The medieval French city of Carcassonne is ripe for development -- perfect for your followers to build roads, construct castles, inhabit cloisters, and work the fields. Too bad others have the same idea. This is the basis for Carcassonne, a strategic and clever tile game.

Each player starts with seven followers (plus one used to keep track of points on the scorepad). On a player's turn they first draw a random tile and place it adjacent to a tile or tiles on the board; placed tiles must continue features, so a road must connect to another road, a castle segment to another castle segment, etc. A player can put a peasant on a road, castle, farm, or cloister as long as another player doesn't have someone on that feature.
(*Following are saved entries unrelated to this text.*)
Lemma star_basis_double_tangent_normal a :
  c000 a = 0 -> c001 a = 0 -> c002 a = 0 -> c012 a = 0 -> c022 a = 0 ->
  c111 a = 0 -> c112 a = 0 -> c222 a = 0 -> c011 a != 0 -> c122 a != 0 ->
  star_basis a.
Proof.
move=> h000 h001 h002 h012 h022 h111 h112 h222 h011 h122.
pose y := sqrtC (2^-1 : K); pose x := c122 a * y / c011 a.
have y2 : 2 * y ^+ 2 = 1 by rewrite sqrtCK mulfV ?pnatr_eq0.
have y0 : y != 0 by apply: contra_eq_neq y2 => ->; rewrite expr0n /= mulr0 eq_sym oner_eq0.
have hx : c011 a * x = c122 a * y by rewrite /x; field.
exists (Vec 0 1 1), (Vec x y (-1)), (Vec 0 (-1) 1); split.
- rewrite (_ : det3 _ _ _ = - 2 * x); last by rewrite /det3 /=; ring.
  by rewrite /x !mulf_neq0 ?invr_eq0 ?oppr_eq0 ?pnatr_eq0.
- transitivity (c122 a * y - c011 a * x); last by rewrite hx subrr.
  rewrite /polar /= h000 h001 h002 h012 h022 h111 h112 h222; ring.
- transitivity ((c011 a * x - c122 a * y) + (2 * (c011 a * x) * y - c122 a)).
    rewrite /polar /= h000 h001 h002 h012 h022 h111 h112 h222; ring.
  rewrite hx subrr add0r (_ : _ - _ = c122 a * (2 * y ^+ 2 - 1)); last by ring.
  by rewrite y2 subrr mulr0.
- rewrite /polar /= h000 h001 h002 h012 h022 h111 h112 h222; ring.
- transitivity ((c011 a * x - c122 a * y) - (2 * (c011 a * x) * y - c122 a)).
    rewrite /polar /= h000 h001 h002 h012 h022 h111 h112 h222; ring.
  rewrite hx subrr add0r (_ : _ - _ = c122 a * (2 * y ^+ 2 - 1)); last by ring.
  by rewrite y2 subrr mulr0 oppr0.
Qed.

Lemma star_basis_double_tangent_y2 a : c000 a = 0 -> c001 a = 0 -> c002 a = 0 ->
  c012 a = 0 -> c022 a = 0 -> c011 a != 0 -> star_basis a.
Proof.
move=> h000 h001 h002 h012 h022 h011.
have [z222|nz222] := eqVneq (c222 a) 0; last first.
  apply: (star_basis_double_tangent_root h000 h001 h002 (t := - c122 a / c222 a)) => //.
  by field.
have [z122|nz122] := eqVneq (c122 a) 0.
  apply: (star_basis_double_tangent_root h000 h001 h002 (t := 0)) => //.
  by rewrite z122 z222; ring.
pose al := c111 a / (3 * c011 a); pose be := c112 a / c011 a.
apply: (star_basis_in_basis (b1 := e0) (b2 := Vec (- al) 1 0) (b3 := Vec (- be) 0 1)).
  by rewrite (_ : det3 _ _ _ = 1) ?oner_neq0 // /det3 /=; ring.
have h3 : 3 * c011 a != 0 by rewrite mulf_neq0 ?pnatr_eq0.
apply: star_basis_double_tangent_normal;
  rewrite /cubic_in_basis /polar /= ?h000 ?h001 ?h002 ?h012 ?h022 ?z222 /al /be.
- ring.
- ring.
- ring.
- ring.
- ring.
- by field.
- by field.
- ring.
- by rewrite (_ : _ + _ = c011 a) //; ring.
- by rewrite (_ : _ + _ = c122 a) //; ring.
Qed.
Next is scoring. If a road is completed (two if its sides end at a castle or intersection), the player gets their follower back and gets a point for each tile in the road. If a castle is completed (fully sealed on all sides), the player gets their follower back and gets two points for each castle tile, plus two points for each pennant on the castle tiles; a two-piece castle only scores two points, but the player gets their follower back immediately. If there are tiles on all eight sides around a cloister, the player gets their follower back and scores nine points. Followers stay on farms for the whole game -- but they score three points for each complete castle on the field at the end of the game. When the game ends (no more tiles to choose from), players score the aforementioned farms, plus: one point per tile for an incomplete road; one point per castle tile and pennant for an incomplete castle; and one point for each tile around a cloister, plus one for the cloister itself.

Players can also join, or even steal, roads, castles, and fields from competitors. A player can't directly put a follower on a feature an opponent already has -- but if they put their own follower on a nearby tile and then manage to connect them later, they share the points. If one player manages to get a majority of followers on a feature, they get all the points for that feature! Large castles often attract multiple followers trying to join.

It's also possible to block another player by placing a tile that makes it harder, or even impossible, for them to complete a road, castle, or field. This not only costs them points but also leaves them with fewer followers to use.

I really enjoy Carcassonne. Limiting the number of followers each player has makes resource management very easy (do I have any followers left?) and important (do I risk committing all my followers, or do I pass on using them in case another opportunity opens up?). Players compete not through attacks and die rolls but by tile placement for blocking and trying to get a majority on a road, castle, or field. (For players who want different versions of the game there are numerous expansions that include different tiles and followers.) Carcassonne is very easy to learn, pretty quick to play, and a whole lot of fun.

Overall grade: A-
Reviewed by James Lynch
(who, as of this review, has played 2,576 games of Carcassonne online -- and won 69% of them!)